***** SOURCE INFORMATION *****

Lemma adjm_dirac x y : adjm (dirac x y) = dirac y x.
Proof. by rewrite /dirac adjmM adjmK. Qed.

Lemma mxtrace_dirac x y : \tr (dirac x y) = inner y x.
Proof. by rewrite /dirac mxtrace_mulC trace_mx11. Qed.

Definition expect x A := inner x (A *m x).

Lemma expect_dirac w x y : expect w (dirac x y) = inner w x * inner y w.
Proof.
by rewrite /expect /dirac -mulmxA [adjm y *m w]mx11_scalar mul_mx_scalar innerZr mulrC.
Qed.

Lemma expectZ w k A : expect w (k *: A) = k * expect w A.
Proof. by rewrite /expect -scalemxAl innerZr. Qed.

Lemma mxtrace_unitary_conj W A : unitary W -> \tr (W *m A *m adjm W) = \tr A.
Proof. by move=> UW; rewrite mxtrace_mulC mulmxA UW mul1mx. Qed.

Lemma expect_unitary_conj W A w k : unitary W -> k * k^* = 1 ->
  expect (k *: (W *m w)) (W *m A *m adjm W) = expect w A.
Proof.
move=> UW k1; rewrite /expect -scalemxAr innerZl innerZr mulrA [_ * k]mulrC k1 mul1r.
by rewrite -!mulmxA (mulmxA (adjm W)) UW mul1mx inner_unitary.
Qed.

Lemma ord2P (i : 'I_2) : i = 0 \/ i = 1.
Proof. by case: i => [[|[|//]] ?]; [left | right]; apply: val_inj. Qed.

Definition frame x y : 'M[C]_2 := \matrix_(i, j) ((if i == 0 then x else y) j 0)^*.

Lemma frameE x y v : frame x y *m v = col2 (inner x v) (inner y v).
Proof. by rewrite [LHS]cV2E !mxE !sum2 !mxE /= !innerE. Qed.

Lemma frame_unitary x y : onb x y -> unitary (frame x y).
Proof.
move=> [xx [yy xy]]; apply: mulmx1C; apply/matrixP => i j.
have yx : inner y x = 0 by rewrite -conj_inner xy conjC0.
rewrite !mxE sum2 !mxE !conjCK -!innerE.
by case: (ord2P i) => ->; case: (ord2P j) => ->.
Qed.

Lemma parseval x y : onb x y -> forall u v,
  inner u v = (inner x u)^* * inner x v + (inner y u)^* * inner y v.
Proof. by move/frame_unitary/inner_unitary => xy u v; rewrite -xy !frameE inner_col2. Qed.

Lemma expiD (s t : R) : expi (s + t) = expi s * expi t.
Proof.
rewrite /expi cosD sinD; apply/eqP; rewrite eq_complex /=.
by apply/andP; split; apply/eqP; ring.
Qed.

Lemma expi0 : expi 0 = 1 :> C.
Proof. by rewrite /expi cos0 sin0. Qed.

Lemma conj_expi (t : R) : (expi t)^* = expi (- t).
Proof. by rewrite /expi cosN sinN. Qed.

Lemma expi_unitary (t : R) : expi t * (expi t)^* = 1.
Proof. by rewrite conj_expi -expiD subrr expi0. Qed.

Lemma norm_expi (t : R) : `|expi t| = 1.
Proof.
have /eqP := normCK (expi t); rewrite expi_unitary sqrf_eq1 => /orP[/eqP //|/eqP e].
by have := normr_ge0 (expi t); rewrite e ler0N1.
Qed.

Lemma expi_neq0 (t : R) : expi t != 0.
Proof. by apply: contra_eq_neq (expi_unitary t) => ->; rewrite mul0r eq_sym oner_neq0. Qed.
(* The adversary keeps two opinions and, in every round, lets
   at most two nodes change: a minority node u is linked to the whole minority
   and to one majority node w, the only neighbours of w are u and another
   majority node z, and all remaining edges join nodes of equal opinion.  If
   the minority has m nodes, it then grows by one with probability about 1/4
   and shrinks by one with probability only 3/(8m).  Hence, for r and K of
   order n, the potential r^-(m-K) (equal to 1 once m <= K, in particular at
   consensus) increases in expectation by at most d = r^-(n/2-1-K) per round,
   the error coming only from m close to n/2.  Starting from a balanced
   configuration, where the potential is at most 1/4, consensus therefore has
   probability at most 3/4 during the first r^(n/2-2-K) >= (n/32)^(n/32)
   rounds. *)

Definition fupd (I : finType) (J : Type) (f : {ffun I -> J}) (i : I) (a : J) :
    {ffun I -> J} :=
  [ffun j => if j == i then a else f j].

Lemma fupdE (I : finType) (J : Type) (f : {ffun I -> J}) i a j :
  fupd f i a j = if j == i then a else f j.
Proof. by rewrite ffunE. Qed.

Lemma fupd_id (I : finType) (J : Type) (f : {ffun I -> J}) i : fupd f i (f i) = f.
Proof. by apply/ffunP => j; rewrite fupdE; case: eqP => [->|]. Qed.

Section TwoFreeCoordinates.
Variables (R : comPzRingType) (I J : finType) (F : I -> J -> R) (x : {ffun I -> J}).
Variables (u w : I).
Hypotheses (uw : u != w) (F_frozen : forall v a, v != u -> v != w -> F v a = (x v == a)%:R).

Lemma prod_two_free (y : {ffun I -> J}) :
  \prod_v F v (y v) = F u (y u) * F w (y w) * (y == fupd (fupd x u (y u)) w (y w))%:R.
Proof.
rewrite (bigD1 u) //= (bigD1 w) 1?eq_sym //= mulrA.
have [->|ne] := eqVneq y _.
  rewrite mulr1 big1 ?mulr1 // => v /andP[vu vw].
  by rewrite F_frozen // !fupdE (negbTE vu) (negbTE vw) eqxx.
have [v] : exists v, y v != fupd (fupd x u (y u)) w (y w) v.
  apply/existsP; move: ne; apply: contraR; rewrite negb_exists => /forallP yE.
  by apply/eqP/ffunP => v; apply/eqP; move: (yE v); rewrite negbK.
rewrite !fupdE; have [->|vw] := eqVneq v w; first by rewrite eqxx.
have [->|vu] := eqVneq v u; first by rewrite eqxx.
move=> yvx; rewrite (bigD1 v) /=; last by rewrite vu vw.
by rewrite (F_frozen _ vu vw) (eq_sym (x v)) (negbTE yvx) mul0r !mulr0.
Qed.
(* The columns of L sum to zero, so <U, L Y> = 0 and shifting Lambda by gamma U
   leaves L_m unchanged.  At a saddle point, maximality in Lambda (tested at
   Lambda + L Y) forces L Y = 0; as 2 <Y, L Y> = sum_ab w_ab (y_a - y_b)^2 and
   the network is connected, ker L consists of the constants, and minimality in
   Y over the constants makes x* optimal.  Conversely, at a minimiser x0 Fermat's
   rule gives sum_a f_a'(x0) = 0, i.e. -grad f(x0 U) is orthogonal to
   ker L = span U, hence lies in the range of the symmetric L; the resulting
   pair (x0 U, Lambda) is a saddle point by the tangent inequalities of the
   convex f_a and the positivity of <Y, L Y>. *)

Section RealFunctions.
Variable R : realType.

Lemma derive_dirE (f : R -> R) (x v : R) :
  derivable f x 1 -> 'D_v f x = derive1 f x * v.
Proof.
move=> /derivable1_diffP dfx; rewrite derive1E !deriveE //.
by rewrite -[in LHS](mulr1 v) -[v * 1]/(v *: 1) linearZ /= mulrC.
Qed.

Lemma convex_fun_tangent (f : R -> R) (x y : R) :
  convex_fun f -> derivable f x 1 -> f x + derive1 f x * (y - x) <= f y.
Proof.
move=> f_cvx dfx; rewrite -derive_dirE // addrC -lerBrDr.
have dfv : derivable f x (y - x) by apply/diff_derivable/derivable1_diffP.
have q_right := cvg_dnbhs_at_right dfv.
rewrite /derive -(cvg_lim _ q_right) //; apply: limr_le; first exact: cvgP q_right.
near=> h.
have h_gt0 : 0 < h by near: h; exact: nbhs_right_gt.
have h_le1 : h <= 1 by near: h; exact: nbhs_right_le.
rewrite /= ler_pdivrMl // lerBlDr.
have -> : h * (f y - f x) + f x = h * f y + (1 - h) * f x by ring.
have -> : h *: (y - x) + x = h * y + (1 - h) * x by rewrite /GRing.scale /=; ring.
exact: f_cvx (ltW h_gt0) h_le1.
Unshelve. all: by end_near. Qed.

Lemma is_derive_sum_fun (I : finType) (h : I -> R -> R) (dh : I -> R) (x : R) :
  (forall i, is_derive x 1 (h i) (dh i)) ->
  is_derive x 1 (\sum_i h i) (\sum_i dh i).
Proof.
move=> hdh; elim/big_ind2: _ => [|? ? ? ? ? ?|i _]; last exact: hdh.
- exact: is_derive_cst.
- exact: is_deriveD.
Qed.

Lemma sum_derive1_at_min (I : finType) (f : I -> R -> R) (x0 : R) :
  (forall i x, derivable (f i) x 1) ->
  (forall x, \sum_i f i x0 <= \sum_i f i x) -> \sum_i derive1 (f i) x0 = 0.
Proof.
move=> df x0_min.
have dsum (x : R) : is_derive x 1 (\sum_i f i) (\sum_i 'D_1 (f i) x).
  by apply: is_derive_sum_fun => i; exact: derivableP.
have : is_derive x0 1 (\sum_i f i) 0.
  apply: (@derive1_at_min _ _ (x0 - 1) (x0 + 1)).
  - lra.
  - by move=> t _; have [] := dsum t.
  - by rewrite in_itv /=; apply/andP; split; lra.
  - by move=> t _; rewrite !fct_sumE; exact: x0_min.
move=> d0; rewrite -[RHS](@derive_val _ _ _ _ _ _ _ d0).
rewrite (@derive_val _ _ _ _ _ _ _ (dsum x0)).
by apply: eq_bigr => i _; rewrite derive1E.
Qed.

End RealFunctions.

Section Laplacian.
Variables (R : realType) (M : nat) (N : 'I_M -> nat) (w : node N -> node N -> R).

Lemma sum_lap_entry_col b : \sum_a lap_entry w a b = 0.
Proof.
rewrite /lap_entry sumrB; apply/eqP; rewrite subr_eq0; apply/eqP.
rewrite (bigD1 b) //= eqxx mulr1 [X in _ + X]big1 ?addr0 //.
by move=> a /negbTE ->; rewrite mulr0.
Qed.
(* For all $x\ge \tfrac{11}{2}$, $|w_0(x)|\le \tfrac{15}{2}x^{-10}$ (i.e. $\sup_{x\ge 11/2}x^{10}|w_0(x)|\le \tfrac{15}{2}$) and $|w_0'(x)|\le 8.85\,x^{-39/4}$.
   Context: Let $b=\tfrac45(24)^{1/4}$, $a=\tfrac52b$, $N_0(x)=-\tfrac{4412401}{98304\sqrt6}x^{-19/2}\bigl[1-\tfrac{1225}{90049\sqrt6}x^{-5/2}+\tfrac{30625}{2161176}x^{-5}\bigr]$, $\mathcal G_1(x)=x^{-5/8}e^{-ibx^{5/4}}$, $\mathcal G_2(x)=x^{-5/8}e^{ibx^{5/4}}$, and for $x>0$, $w_0(x)=\sum_{j=1}^2\frac{(-1)^j}{ia}\mathcal G_j(x)\int_\infty^x\mathcal G_{3-j}(t)\,t\,N_0(t)\,dt$. *)

From Stdlib Require Import Reals.
From Coquelicot Require Import Coquelicot.
Open Scope R_scope.

Definition b_const : R := 4/5 * Rpower 24 (1/4).
Definition a_const : R := 5/2 * b_const.

Definition N0 (x : R) : R :=
  - (4412401 / (98304 * sqrt 6)) * Rpower x (-19/2)
    * (1 - 1225 / (90049 * sqrt 6) * Rpower x (-5/2)
         + 30625 / 2161176 * Rpower x (-5)).

Definition cexpi (theta : R) : C := (cos theta, sin theta).

Definition G1 (x : R) : C := (RtoC (Rpower x (-5/8)) * cexpi (- (b_const * Rpower x (5/4))))%C.
Definition G2 (x : R) : C := (RtoC (Rpower x (-5/8)) * cexpi (b_const * Rpower x (5/4)))%C.

Definition int_from_infty (f : R -> C) (x : R) : C :=
  @RInt_gen C_R_CompleteNormedModule f (Rbar_locally p_infty) (at_point x).

Definition w0 (x : R) : C := (
  (RtoC ((-1) ^ 1) / (Ci * RtoC a_const)) * G1 x
     * int_from_infty (fun t => (G2 t * RtoC (t * N0 t))%C) x
  + (RtoC ((-1) ^ 2) / (Ci * RtoC a_const)) * G2 x
     * int_from_infty (fun t => (G1 t * RtoC (t * N0 t))%C) x)%C.

From Pilot Require Import Defs.
From Stdlib Require Import Reals Lra Lia FunctionalExtensionality.
From Coquelicot Require Import Coquelicot.
Open Scope R_scope.

(* With [k_j(t) = G_j(t) t N0(t)], [w0 = (G2 ∫_∞^x k1 - G1 ∫_∞^x k2) / (i a)].  In the variable
   [σ = t^(1/8)] the kernels are [k_j = F(σ) e^(∓iθ)] with [θ = b σ^10], and two integrations by
   parts against the oscillating factor give [∫_∞^x k_j = A_j(x) - R_j] with an explicit
   [A_j = (h ± i g) e^(∓iθ)] and [|R_j| ≤ M(σ)], [M] being the primitive of a majorant of the
   second remainder.  The explicit parts combine into [2 t^(-5/8) g / a]; for [w0'] the same holds
   after the terms coming from differentiating the integrals cancel.  What is left is an
   elementary numerical estimate in [v = x^(-5/4) ≤ (11/2)^(-5/4)]. *)

(** * Complex-valued functions of a real variable *)

Lemma is_derive_C_pair (u v : R -> R) (t du dv : R) :
  is_derive u t du -> is_derive v t dv ->
  is_derive (V := C_R_NormedModule) (fun t => (u t, v t) : C) t (du, dv).
Proof.
  intros Hu Hv.
  eapply filterdiff_ext_lin.
  - apply (filterdiff_comp_2 (K := R_AbsRing) (T := R_NormedModule) (U := R_NormedModule)
             (V := R_NormedModule) (W := C_R_NormedModule) u v (fun p q => (p, q)) _ _
             (fun p q => (p, q)) Hu Hv).
    apply filterdiff_linear, is_linear_ext with (fun p => p); [now intros [] | apply is_linear_id].
  - reflexivity.
Qed.

Lemma is_derive_Re (f : R -> C) (t : R) (df : C) :
  is_derive (V := C_R_NormedModule) f t df -> is_derive (fun t => Re (f t)) t (Re df).
Proof.
  intros Hf. eapply filterdiff_ext_lin.
  - apply (filterdiff_comp f (fun z : C_R_NormedModule => fst z) _ (fun z : C_R_NormedModule => fst z) Hf).
    apply filterdiff_linear, (is_linear_fst (K := R_AbsRing) (U := R_NormedModule) (V := R_NormedModule)).
  - reflexivity.
Qed.

Lemma is_derive_Im (f : R -> C) (t : R) (df : C) :
  is_derive (V := C_R_NormedModule) f t df -> is_derive (fun t => Im (f t)) t (Im df).
Proof.
  intros Hf. eapply filterdiff_ext_lin.
  - apply (filterdiff_comp f (fun z : C_R_NormedModule => snd z) _ (fun z : C_R_NormedModule => snd z) Hf).
    apply filterdiff_linear, (is_linear_snd (K := R_AbsRing) (U := R_NormedModule) (V := R_NormedModule)).
  - reflexivity.
Qed.

Lemma is_derive_Cmult (f g : R -> C) (t : R) (df dg : C) :
  is_derive (V := C_R_NormedModule) f t df -> is_derive (V := C_R_NormedModule) g t dg ->
  is_derive (V := C_R_NormedModule) (fun t => f t * g t)%C t (df * g t + f t * dg)%C.
Proof.
  intros Hf Hg.
  assert (Hmul : forall u v du dv, is_derive u t du -> is_derive v t dv ->
            is_derive (fun t => u t * v t) t (du * v t + u t * dv)).
  { intros u v du dv Hu Hv. apply (is_derive_mult u v); [exact Hu | exact Hv | intros; apply Rmult_comm]. }
  apply is_derive_Re in Hf as Hf1. apply is_derive_Im in Hf as Hf2.
  apply is_derive_Re in Hg as Hg1. apply is_derive_Im in Hg as Hg2.
  replace (df * g t + f t * dg)%C with
    ((Re df * Re (g t) + Re (f t) * Re dg) - (Im df * Im (g t) + Im (f t) * Im dg),
     (Re df * Im (g t) + Re (f t) * Im dg) + (Im df * Re (g t) + Im (f t) * Re dg)).
  2:{ destruct df, dg, (f t), (g t); unfold Cplus, Cmult; simpl; f_equal; ring. }
  apply (is_derive_ext (fun t => (Re (f t) * Re (g t) - Im (f t) * Im (g t),
                                  Re (f t) * Im (g t) + Im (f t) * Re (g t)) : C)).
  { reflexivity. }
  apply is_derive_C_pair.
  - apply (is_derive_minus (fun t => Re (f t) * Re (g t)) (fun t => Im (f t) * Im (g t)));
      apply Hmul; assumption.
  - apply (is_derive_plus (fun t => Re (f t) * Im (g t)) (fun t => Im (f t) * Re (g t)));
      apply Hmul; assumption.
Qed.

Lemma is_derive_cexpi (θ : R -> R) (t dθ : R) :
  is_derive θ t dθ ->
  is_derive (V := C_R_NormedModule) (fun t => cexpi (θ t)) t (Ci * RtoC dθ * cexpi (θ t))%C.
Proof.
  intros Hθ. unfold cexpi.
  replace (Ci * RtoC dθ * (cos (θ t), sin (θ t)))%C with (dθ * - sin (θ t), dθ * cos (θ t)).
  2:{ unfold Cmult, Ci, RtoC; simpl. f_equal; ring. }
  apply is_derive_C_pair.
  - apply (is_derive_comp cos θ); [apply is_derive_cos | exact Hθ].
  - apply (is_derive_comp sin θ); [apply is_derive_sin | exact Hθ].
Qed.

Lemma is_derive_osc (u v θ : R -> R) (t du dv dθ : R) :
  is_derive u t du -> is_derive v t dv -> is_derive θ t dθ ->
  is_derive (V := C_R_NormedModule) (fun t => ((u t, v t) : C) * cexpi (θ t))%C t
    ((((du, dv) : C) + Ci * RtoC dθ * (u t, v t)) * cexpi (θ t))%C.
Proof.
  intros Hu Hv Hθ.
  replace ((((du, dv) : C) + Ci * RtoC dθ * (u t, v t)) * cexpi (θ t))%C
    with (((du, dv) : C) * cexpi (θ t) + ((u t, v t) : C) * (Ci * RtoC dθ * cexpi (θ t)))%C by ring.
  apply (is_derive_Cmult (fun t => (u t, v t) : C) (fun t => cexpi (θ t)));
    [apply is_derive_C_pair | apply is_derive_cexpi]; assumption.
Qed.

Lemma continuous_osc (u v θ : R -> R) (t : R) :
  ex_derive u t -> ex_derive v t -> ex_derive θ t ->
  continuous (U := C_R_NormedModule) (fun t => ((u t, v t) : C) * cexpi (θ t))%C t.
Proof.
  intros [du Hu] [dv Hv] [dθ Hθ]. apply (ex_derive_continuous (V := C_R_NormedModule)).
  eexists. apply is_derive_osc; eassumption.
Qed.

Lemma Cmod_cexpi (θ : R) : Cmod (cexpi θ) = 1.
Proof.
  unfold Cmod, cexpi; simpl. rewrite Rmult_1_r, Rmult_1_r, Rplus_comm. fold (Rsqr (sin θ)) (Rsqr (cos θ)).
  rewrite sin2_cos2. apply sqrt_1.
Qed.

Lemma Cmod_pair_le (u v : R) : Cmod (u, v) <= Rabs u + Rabs v.
Proof.
  replace (u, v) with (RtoC u + Ci * RtoC v)%C by (unfold Cplus, Cmult, RtoC, Ci; simpl; f_equal; ring).
  eapply Rle_trans; [apply Cmod_triangle |]. rewrite Cmod_mult, Cmod_Ci, !Cmod_R. lra.
Qed.

Lemma cexpi_opp_mul (θ : R) : (cexpi (- θ) * cexpi θ)%C = 1%C.
Proof.
  unfold cexpi, Cmult; simpl. rewrite cos_neg, sin_neg.
  apply injective_projections; simpl; [rewrite <- (sin2_cos2 θ); unfold Rsqr |]; ring.
Qed.

(* [(α + i e β) e^(i e θ)]; the signs [e = 1] and [e = -1] treat the conjugate factors [G2] and
   [G1] (and the primitives built from them) at once. *)
Definition osc (α β e θ : R) : C := Cmult (α, e * β) (cexpi (e * θ)).

Lemma Cmod_osc_le (α β e θ : R) : e = 1 \/ e = -1 -> Cmod (osc α β e θ) <= Rabs α + Rabs β.
Proof.
  intros He. unfold osc. rewrite Cmod_mult, Cmod_cexpi, Rmult_1_r.
  eapply Rle_trans; [apply Cmod_pair_le |].
  rewrite Rabs_mult. replace (Rabs e) with 1 by (unfold Rabs; destruct Rcase_abs; lra). lra.
Qed.

Lemma osc_minus_one (α β θ : R) : osc α β (-1) θ = (Cconj (α, β) * cexpi (- θ))%C.
Proof. unfold osc, Cconj. simpl. do 3 f_equal; ring. Qed.

Lemma osc_one (α β θ : R) : osc α β 1 θ = (((α, β) : C) * cexpi θ)%C.
Proof. unfold osc. rewrite !Rmult_1_l. reflexivity. Qed.

(** * Improper integrals at infinity *)

Lemma minus_plus_cancel_r {G : AbelianGroup} (a b : G) : minus (plus a b) b = a.
Proof. unfold minus. rewrite <- plus_assoc. etransitivity; [apply f_equal, plus_opp_r | apply plus_zero_r]. Qed.

Lemma filterlim_minus_fun {T : Type} {K : AbsRing} {V : NormedModule K}
    {F : (T -> Prop) -> Prop} {FF : Filter F} (f g : T -> V) (a b : V) :
  filterlim f F (locally a) -> filterlim g F (locally b) ->
  filterlim (fun u => minus (f u) (g u)) F (locally (minus a b)).
Proof.
  intros Hf Hg.
  apply (filterlim_comp_2 (G := locally a) (H := locally (opp b)) f (fun u => opp (g u)) plus);
    [exact Hf | | apply filterlim_plus].
  exact (filterlim_comp _ _ _ g opp F (locally b) (locally (opp b)) Hg (filterlim_opp b)).
Qed.

Lemma eventually_div_lt (c eps : R) : 0 < eps -> Rbar_locally p_infty (fun t => c / t < eps).
Proof.
  intros Heps. exists (Rmax 1 (c / eps)). intros t Ht.
  generalize (Rmax_l 1 (c / eps)) (Rmax_r 1 (c / eps)). intros H1 H2.
  apply Rlt_div_l; [lra |]. rewrite Rmult_comm. apply (Rlt_div_l c t eps Heps). lra.
Qed.

Lemma filterlim_infty_of_le_div {V : NormedModule R_AbsRing} (f : R -> V) (l : V) (x c : R) :
  (forall t, x <= t -> norm (minus (f t) l) <= c / t) ->
  filterlim f (Rbar_locally p_infty) (locally l).
Proof.
  intros Hf. apply filterlim_locally_ball_norm. intros eps.
  destruct (eventually_div_lt c eps (cond_pos eps)) as [N HN].
  exists (Rmax N x). intros t Ht. generalize (Rmax_l N x) (Rmax_r N x). intros H1 H2.
  eapply Rle_lt_trans; [apply Hf | apply HN]; lra.
Qed.

Lemma filterlim_C_infty_of_Cmod_le (f : R -> C) (x c : R) :
  (forall t, x <= t -> Cmod (f t) <= c / t) ->
  filterlim f (Rbar_locally p_infty) (locally (zero : C_R_CompleteNormedModule)).
Proof.
  intros Hf. apply (filterlim_infty_of_le_div (V := C_R_CompleteNormedModule) _ _ x c).
  intros t Ht. eapply Rle_trans; [apply Req_le | apply Hf, Ht].
  rewrite Cmod_norm.
  exact (f_equal (@norm R_AbsRing C_R_CompleteNormedModule) (@minus_zero_r C_R_CompleteNormedModule (f t))).
Qed.

Lemma filterlim_infty_of_majorant {V : CompleteNormedModule R_AbsRing} (F : R -> V) (M : R -> R) (x : R) :
  (forall u v, x <= u <= v -> norm (minus (F v) (F u)) <= M u - M v) ->
  (forall t, x <= t -> 0 <= M t) ->
  filterlim M (Rbar_locally p_infty) (locally 0) ->
  exists L, filterlim F (Rbar_locally p_infty) (locally L) /\
            forall u, x <= u -> norm (minus L (F u)) <= M u.
Proof.
  intros HF HM0 HM.
  assert (Hsmall : forall eps : posreal, exists N, forall t, N < t -> x <= t /\ M t < eps).
  { intros eps. destruct (proj1 (filterlim_locally_ball_norm _ _) HM eps) as [N HN].
    exists (Rmax N x). intros t Ht. generalize (Rmax_l N x) (Rmax_r N x). intros H1 H2.
    specialize (HN t ltac:(lra)). unfold ball_norm, minus, plus, opp in HN; simpl in HN.
    unfold norm in HN; simpl in HN. split; [lra |]. apply Rabs_def2 in HN. lra. }
  set (FF := filtermap F (Rbar_locally p_infty)).
  assert (Hcauchy : cauchy FF).
  { intros eps. destruct (Hsmall eps) as [N HN]. set (t0 := Rmax N x + 1).
    assert (Ht0 : N < t0) by (unfold t0; generalize (Rmax_l N x); lra).
    exists (F t0), t0. intros u Hu. apply (@norm_compat1 R_AbsRing V).
    destruct (HN t0 Ht0) as [Hx0 Hlt]. eapply Rle_lt_trans; [apply HF; lra |].
    generalize (HM0 u ltac:(lra)). lra. }
  assert (HL : filterlim F (Rbar_locally p_infty) (locally (lim FF))).
  { apply filterlim_locally. apply (complete_cauchy FF); [| exact Hcauchy].
    apply filtermap_proper_filter, Rbar_locally_filter. }
  exists (lim FF). split; [exact HL |].
  intros u Hu. apply Rle_plus_epsilon. intros eps Heps.
  destruct (proj1 (filterlim_locally_ball_norm _ _) HL (mkposreal eps Heps)) as [N HN].
  set (v := Rmax N u + 1).
  assert (HNv : N < v) by (unfold v; generalize (Rmax_l N u); lra).
  assert (Huv : u <= v) by (unfold v; generalize (Rmax_r N u); lra).
  assert (Hv : norm (minus (lim FF) (F v)) < eps).
  { rewrite <- norm_opp, opp_minus. exact (HN v HNv). }
  assert (Hsplit : minus (lim FF) (F u) = plus (minus (lim FF) (F v)) (minus (F v) (F u)))
    by apply minus_trans.
  rewrite Hsplit. eapply Rle_trans; [apply (@norm_triangle R_AbsRing V) |].
  generalize (HF u v ltac:(lra)) (HM0 v ltac:(lra)). lra.
Qed.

*****

*EXERCISE*: Tally the lines above that hold "last" and write the result as a lone number.

*RESPONSE*: 2